1. Typical situations that require planning for the establishment of a RON include those where there will be a requirement to:

a. To cease all movement during daylight hours to avoid detection;

b. To provide a base of operation from which further patrols can be launched;

c. To rest and re-org after extended movement or operations; and

d.

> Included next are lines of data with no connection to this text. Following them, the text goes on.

(* A partially filled m x n array with entries in G: [None] = empty cell. *)
Definition pfarray (G : zmodType) (m n : nat) := 'M[option G]_(m, n).

Definition filled (G : zmodType) (a : option G) : bool := a != None.

Definition row_sum (G : zmodType) m n (A : pfarray G m n) (i : 'I_m) : G :=
  \sum_(j < n) odflt 0 (A i j).
Definition col_sum (G : zmodType) m n (A : pfarray G m n) (j : 'I_n) : G :=
  \sum_(i < m) odflt 0 (A i j).

Definition MS_with (G : zmodType) (Omega : seq G) (m n s k c : nat)
    (A : 'I_c -> pfarray G m n) (x y : G) : Prop :=
  [/\ (forall t i j a, A t i j = Some a -> a \in Omega),
      (forall a, a \in Omega ->
         #|[set tij : 'I_c * 'I_m * 'I_n | A tij.1.1 tij.1.2 tij.2 == Some a]| = 1%N),
      (forall t i, #|[set j | filled (A t i j)]| = s),
      (forall t j, #|[set i | filled (A t i j)]| = k) &
      (forall t i, row_sum (A t) i = x) /\
      (forall t j, col_sum (A t) j = y)].

Definition is_MS (G : zmodType) (Omega : seq G) (m n s k c : nat)
    (A : 'I_c -> pfarray G m n) : Prop :=
  exists x y, MS_with Omega s k A x y.

Definition is_MS0 (G : zmodType) (Omega : seq G) (m n s k c : nat)
    (A : 'I_c -> pfarray G m n) : Prop :=
  MS_with Omega s k A 0 0.

(* Cell (i,j) of an N x N array lies on diagonal D_r iff j - i = r (mod N). *)
Definition on_diag (N : nat) (i j : 'I_N) (r : nat) : bool :=
  ((j + N - i) %% N == r %% N)%N.

Definition l_diagonal (G : zmodType) (N l : nat) (A : pfarray G N N) : Prop :=
  exists r : nat, forall i j : 'I_N,
    filled (A i j) = [exists h : 'I_l, on_diag i j (r + h)].

Definition is_diag_MS (G : zmodType) (Omega : seq G) (N d c : nat)
    (A : 'I_c -> pfarray G N N) : Prop :=
  is_MS Omega d d A /\ forall t, l_diagonal d (A t).

Definition is_diag_MS0 (G : zmodType) (Omega : seq G) (N d c : nat)
    (A : 'I_c -> pfarray G N N) : Prop :=
  is_MS0 Omega d d A /\ forall t, l_diagonal d (A t).

(* Write d = gcd(s, k), s = s' d and k = k' d.  Then s' and k' are coprime,
   n = u s' and m = u k' for some u >= d, and N = n k / d = u s' k'.
   Reducing row indices modulo m and column indices modulo n folds each
   d-diagonal N x N array into an m x n array without collisions: two filled
   cells with the same image lie on diagonals that agree modulo u, hence (as
   d <= u) on the same diagonal, and then their rows agree modulo
   lcm(m, n) = N.  A row of the folded array gathers N / m = s' rows of the
   original one, so it has s' d = s filled cells and sums to s' x; columns
   likewise. *)

From mathcomp Require Import all_boot all_order all_algebra.
Import GRing.Theory.
Set Implicit Arguments. Unset Strict Implicit. Unset Printing Implicit Defensive.

Lemma eq_mod_lcmn (a b x y : nat) :
  x = y %[mod a] -> x = y %[mod b] -> x = y %[mod lcmn a b].
Proof.
wlog le_yx : x y / y <= x => [hwlog exa exb|].
  have [/hwlog-> //|/ltnW/hwlog hyx] := leqP y x.
  exact/esym/(hyx (esym exa) (esym exb)).
move=> /eqP + /eqP; rewrite !eqn_mod_dvd // => da db.
by apply/eqP; rewrite eqn_mod_dvd // dvdn_lcm da.
Qed.

Lemma lcmn_mul2l_coprime (u s k : nat) :
  coprime s k -> lcmn (u * s) (u * k) = u * s * k.
Proof.
move=> cop; rewrite -muln_lcmr -mulnA; congr (u * _).
by rewrite -[RHS]muln_lcm_gcd (eqP cop) muln1.
Qed.

Lemma on_diag_mod (N r : nat) (i j : 'I_N) : on_diag i j r -> j = i + r %[mod N].
Proof.
move=> /eqP hdiag.
have le_iNj : i <= j + N by rewrite (leq_trans (ltnW (ltn_ord i))) ?leq_addl.
by rewrite -(modnDr j) -(subnK le_iNj) addnC -modnDmr hdiag modnDmr.
Qed.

To re-org after a patrol has infiltrated the enemy in small groups (link up point).

2. Considerations: Planning for a RON must include considering the actions of the mission; ie: Located so as to enable the Patrol to best accomplish its mission, and both passive and active security measures:

Passive Security Measures include:
3. Avoid built up areas;
4. Avoid open woods and clearings;
5. Select an area away from all inhabitants;
6. Avoid known or suspected enemy locations;
7. Select terrain which would be considered of little tactical value;
8. Avoid ridgelines, crests, valleys, lakes and streams;
9. Select terrain suitable for radio communications;
10. Select steep terrain, ravines, or other such areas that would impede foot movement;
11. Avoid all roads and trails;
12. Select areas with dense vegetation, that provide cover from ground and air;

Active Security Measures include:
1. Establish an OP/LP system covering all likely approaches;
2. Establish communications with OP/LPs for early warning;
3. Select an Alternate RON;
4. Use chain of command to enforce light, noise and cam Discipline;
5. Organize the elements of the patrol so that the necessary activities can take place with a minimum of movement; and
6. Establish a percentage alert plan.

A RON is a position established when a patrol halts for an extended period (usually overnight). When in an area not protected by friendly troops, maximum security measures must be taken to protect the patrol.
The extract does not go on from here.